The influence of moral resources in Lockwood’s account serves as a vehicle for civic expansion through claims for enhanced treatment in the delivery of rights, or mobilisations for the creation of new rights, but he neglects to consider the reverse dynamic of contraction. Attributions of blame, allegations of abuse, and a questioning of desert, all negatively affect perceptions of legitimacy and thereby moral standing, and we have seen this process at work in political discourse addressing both domestic welfare claims, and the rights of FM in Europe. This discourse and related policy measures then feed public perceptions that radically misjudge the scale of the ‘problems’ in question.21 In fact, the discourse and policy designed to limit social rights – whether through enhanced conditionality for domestic claimants, or the campaign against benefit tourism from the EU – are a more plausible source of any related ‘moral panic’22 than substantial evidence of abuse or significant resource drain. The effect has been to present EU migrants as competitors in a struggle over shrinking resources, rather than as net contributors who are the latest target of a shift in the nature and purpose of welfare protection. Their legitimacy and desert are thus placed in question and their moral standing impaired.

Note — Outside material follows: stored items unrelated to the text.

Inductive system : Type :=
  | SZero : system
  | SSite : Loc -> membrane -> agent -> system
  | SPar : system -> system -> system.

Fixpoint sites (N : system) : list Loc :=
  match N with
  | SZero => []
  | SSite l _ _ => [l]
  | SPar N1 N2 => sites N1 ++ sites N2
  end.

Definition distinct_sites (N : system) : Prop := NoDup (sites N).

Fixpoint has_site (N : system) (l : Loc) (M : membrane) : Prop :=
  match N with
  | SZero => False
  | SSite l' M' _ => l' = l /\ M' = M
  | SPar N1 N2 => has_site N1 l M \/ has_site N2 l M
  end.

Inductive typing : agent -> policy -> Prop :=
  | ty_nil T : typing ANil T
  | ty_act a P T : typing P T -> typing (APre a P) (punion T (psing (inl a)))
  | ty_go T' l P T : typing P T' -> typing (AGo T' l P) (punion T (psing (inr l)))
  | ty_par P Q T1 T2 : typing P T1 -> typing Q T2 -> typing (APar P Q) (punion T1 T2)
  | ty_bang P T T' : typing P T -> enforces (pomega T) T' -> typing (ABang P) T'.

Inductive aeq : agent -> agent -> Prop :=
  | aeq_refl P : aeq P P
  | aeq_sym P Q : aeq P Q -> aeq Q P
  | aeq_trans P Q R : aeq P Q -> aeq Q R -> aeq P R
  | aeq_par P P' Q Q' : aeq P P' -> aeq Q Q' -> aeq (APar P Q) (APar P' Q')
  | aeq_comm P Q : aeq (APar P Q) (APar Q P)
  | aeq_assoc P Q R : aeq (APar (APar P Q) R) (APar P (APar Q R))
  | aeq_unit P : aeq (APar P ANil) P
  | aeq_bang P Q : aeq (APar (ABang P) Q) (APar P (APar (ABang P) Q)).

Inductive seq : system -> system -> Prop :=
  | seq_refl N : seq N N
  | seq_sym N1 N2 : seq N1 N2 -> seq N2 N1
  | seq_trans N1 N2 N3 : seq N1 N2 -> seq N2 N3 -> seq N1 N3
  | seq_site l M P Q : aeq P Q -> seq (SSite l M P) (SSite l M Q)
  | seq_par N1 N1' N2 N2' : seq N1 N1' -> seq N2 N2' -> seq (SPar N1 N2) (SPar N1' N2')
  | seq_comm N1 N2 : seq (SPar N1 N2) (SPar N2 N1)
  | seq_assoc N1 N2 N3 : seq (SPar (SPar N1 N2) N3) (SPar N1 (SPar N2 N3))
  | seq_unit N : seq (SPar N SZero) N.

Definition mig_ok (Ml : membrane) (k : Loc) (T : policy) (P : agent) : Prop :=
  (mt Ml k = Some lgood /\ enforces T (mp Ml)) \/
  (mt Ml k <> Some lgood /\ typing P (mp Ml)).

Inductive red : system -> system -> Prop :=
  | red_act l M a P Q :
      red (SSite l M (APar (APre a P) Q)) (SSite l M (APar P Q))
  | red_par N1 N1' N2 : red N1 N1' -> red (SPar N1 N2) (SPar N1' N2)
  | red_struct N N1 N1' N' : seq N N1 -> red N1 N1' -> seq N1' N' -> red N N'
  | red_mig k Mk T l P Q Ml R :
      mig_ok Ml k T P ->
      red (SPar (SSite k Mk (APar (AGo T l P) Q)) (SSite l Ml R))
          (SPar (SSite k Mk Q) (SSite l Ml (APar P R))).

Definition trustworthy (M : membrane) (k : Loc) : Prop := mt M k = Some lgood.

Definition coherent (N : system) : Prop :=
  forall k Mk, has_site N k Mk -> trustworthy Mk k ->
  forall l Ml, has_site N l Ml ->
  forall t, mt Mk l = Some t ->
  exists t', mt Ml l = Some t' /\ trust_le t t'.

Fixpoint threads (P : agent) : list agent :=
  match P with
  | APar P1 P2 => threads P1 ++ threads P2
  | _ => [P]
  end.

Fixpoint ok (N : system) : Prop :=
  match N with
  | SZero => True
  | SPar N1 N2 => ok N1 /\ ok N2
  | SSite l M P => trustworthy M l -> forall Q, In Q (threads P) -> typing Q (mp M)
  end.

End Calculus.

Arguments ANil {Act Loc}.
Arguments SZero {Act Loc}.

(* Reduction neither creates sites nor changes membranes, so coherence of N'
   is inherited from N.  For [ok], typing is monotone in the policy, and the
   property "every thread is typed by T" is invariant under structural
   equivalence (unfolding [!P] is covered by [T^omega]).  An action step only
   removes a prefix, which shrinks the type.  A migration into a trustworthy
   site [l] either type-checks the migrating agent against [M^l_p] directly, or
   [M^l_t(k) = lgood]; coherence then forces [M^k_t(k) = lgood], so the thread
   [go_T l.P] is typed in [k], which gives [P : T] and [T] enforces [M^l_p]. *)
From Pilot Require Import Defs.
From Stdlib Require Import List Lia FunctionalExtensionality ProofIrrelevance.
Set Implicit Arguments.

Lemma mle_trans a b c : mle a b -> mle b c -> mle a c.
Proof. destruct a, b, c; simpl; intros; auto; try lia; contradiction. Qed.

Section Policies.
Variables Act Loc : Type.
Implicit Types A B T : policy Act Loc.

Lemma policy_ext A B : (forall x, A x = B x) -> A = B.
Proof.
  destruct A as [fa pa], B as [fb pb]; simpl; intros H.
  assert (fa = fb) by (apply functional_extensionality; auto); subst.
  f_equal; apply proof_irrelevance.
Qed.

Lemma enforces_trans A B T : enforces A B -> enforces B T -> enforces A T.
Proof. intros HAB HBT x; eapply mle_trans; eauto. Qed.

Lemma punion_comm A B : punion A B = punion B A.
Proof.
  apply policy_ext; intro x; simpl.
  destruct (A x), (B x); simpl; auto; f_equal; lia.
Qed.

Lemma enforces_unionl A B : enforces A (punion A B).
Proof. intro x; simpl; destruct (A x), (B x); simpl; auto; lia. Qed.

Lemma enforces_unionr A B : enforces B (punion A B).
Proof. rewrite punion_comm; apply enforces_unionl. Qed.

Lemma enforces_omega A : enforces A (pomega A).
Proof. intro x; simpl; destruct (A x) as [[|n]|]; simpl; auto. Qed.

(* Truncated difference, with [omega - b = omega]: exactly what lets
   [punion A B] enforcing [T] be split as [T = punion A (pdiff T A)]. *)
Definition mdiff (a b : mult) : mult :=
  match a, b with
  | MFin n, MFin m => MFin (n - m)
  | MOmega, _ => MOmega
  | MFin _, MOmega => MFin 0
  end.

Definition pdiff A B : policy Act Loc.
Proof.
  refine (@Policy Act Loc (fun x => mdiff (A x) (B x)) _).
  destruct (pol_fin A) as [s H]; exists s; intros x Hx; apply H.
  intro E; apply Hx; rewrite E; destruct (B x); reflexivity.
Defined.

Lemma enforces_union_split A B T :
  enforces (punion A B) T -> enforces B (pdiff T A) /\ T = punion A (pdiff T A).
Proof.
  intros H; split.
  - intro x; specialize (H x); simpl in *.
    destruct (A x), (B x), (T x); simpl in *; auto; try lia; contradiction.
  - apply policy_ext; intro x; specialize (H x); simpl in *.
    destruct (A x), (B x), (T x); simpl in *; auto; try contradiction.
    f_equal; lia.
Qed.

End Policies.

Section Agents.
Variables Act Loc : Type.
Implicit Types (P Q : agent Act Loc) (T : policy Act Loc).

Lemma typing_weaken P T T' : typing P T -> enforces T T' -> typing P T'.
Proof.
  intros HP; revert T'; induction HP; intros T0 HE.
  - constructor.
  - rewrite punion_comm in HE; destruct (enforces_union_split HE) as [HB ->].
    rewrite punion_comm; constructor; auto.
  - rewrite punion_comm in HE; destruct (enforces_union_split HE) as [HB ->].
    rewrite punion_comm; constructor; auto.
  - destruct (enforces_union_split HE) as [HB ->]; constructor; auto.
  - econstructor; eauto; eapply enforces_trans; eauto.
Qed.

Definition threads_typed T P := forall R, In R (threads P) -> typing R T.

Lemma threads_typed_par T P Q :
  threads_typed T (APar P Q) <-> threads_typed T P /\ threads_typed T Q.
Proof.
  unfold threads_typed; simpl; split.
  - intros H; split; intros R HR; apply H, in_or_app; auto.
  - intros [HP HQ] R HR; apply in_app_or in HR; destruct HR; auto.
Qed.

Lemma threads_typed_thread T P : (forall P1 P2, P <> APar P1 P2) ->
  threads_typed T P <-> typing P T.
Proof.
  unfold threads_typed; intros Hthread; destruct P; simpl;
    try (split; [intros H; apply H; left; reflexivity
                |intros H R [<-|[]]; exact H]).
  destruct (Hthread _ _ eq_refl).
Qed.

Lemma typing_threads_typed P T : typing P T -> threads_typed T P.
Proof.
  induction 1; try (apply threads_typed_thread; [discriminate|econstructor; eauto]).
  apply threads_typed_par; split; intros R HR.
  - eapply typing_weaken; [apply IHtyping1; auto | apply enforces_unionl].
  - eapply typing_weaken; [apply IHtyping2; auto | apply enforces_unionr].
Qed.

Lemma typing_bang_threads_typed P T : typing (ABang P) T -> threads_typed T P.
Proof.
  inversion 1; subst; intros R HR.
  eapply typing_weaken; [eapply typing_threads_typed; eauto|].
  eapply enforces_trans; [apply enforces_omega|eauto].
Qed.

Lemma typing_pre_threads_typed a P T : typing (APre a P) T -> threads_typed T P.
Proof.
  inversion 1; subst; intros R HR.
  eapply typing_weaken; [eapply typing_threads_typed; eauto | apply enforces_unionl].
Qed.

Lemma typing_go_threads_typed T' l P T : typing (AGo T' l P) T -> threads_typed T' P.
Proof. inversion 1; subst; apply typing_threads_typed; auto. Qed.

Lemma aeq_threads_typed P Q T : aeq P Q -> (threads_typed T P <-> threads_typed T Q).
Proof.
  induction 1; rewrite ?threads_typed_par; try tauto.
  - assert (threads_typed T ANil) by (intros R [<-|[]]; constructor); tauto.
  - assert (Hbang : threads_typed T (ABang P) <-> typing (ABang P) T)
      by (apply threads_typed_thread; discriminate).
    pose proof (@typing_bang_threads_typed P T); tauto.
Qed.

End Agents.

Section Systems.
Variables Act Loc : Type.
Implicit Types N : system Act Loc.

Lemma ok_site (l : Loc) (M : membrane Act Loc) (P : agent Act Loc) :
  ok (SSite l M P) <-> (trustworthy M l -> threads_typed (mp M) P).
Proof. reflexivity. Qed.

Lemma seq_ok N1 N2 : Defs.seq N1 N2 -> (ok N1 <-> ok N2).
Proof.
  induction 1; try (simpl; tauto).
  rewrite !ok_site, (aeq_threads_typed (mp M) H); tauto.
Qed.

Lockwood argues that institutional structures for delivering the rights that are central to social integration may also affect class formation (or class de-formation), and political discourse has not only condemned domestic welfare claimants and EU migrants, but has set them against each other. Within an increasingly ‘flexible’ labour market (Inman 2016; Forsey and Field 2016) we have seen enhanced welfare conditionality and sanctions for both out-of-work and in-work benefits, accompanied by discursive oppositions between welfare dependents, migrants, and hardworking taxpayers, and supplemented by accusations of benefit tourism and abuse of FM. Thus, for both domestic welfare recipients and EEA migrants an attack on moral standing by means of political rhetoric has been a prelude to increased conditionality in the delivery or denial of rights, while also fuelling the scope for resentment towards the latter group.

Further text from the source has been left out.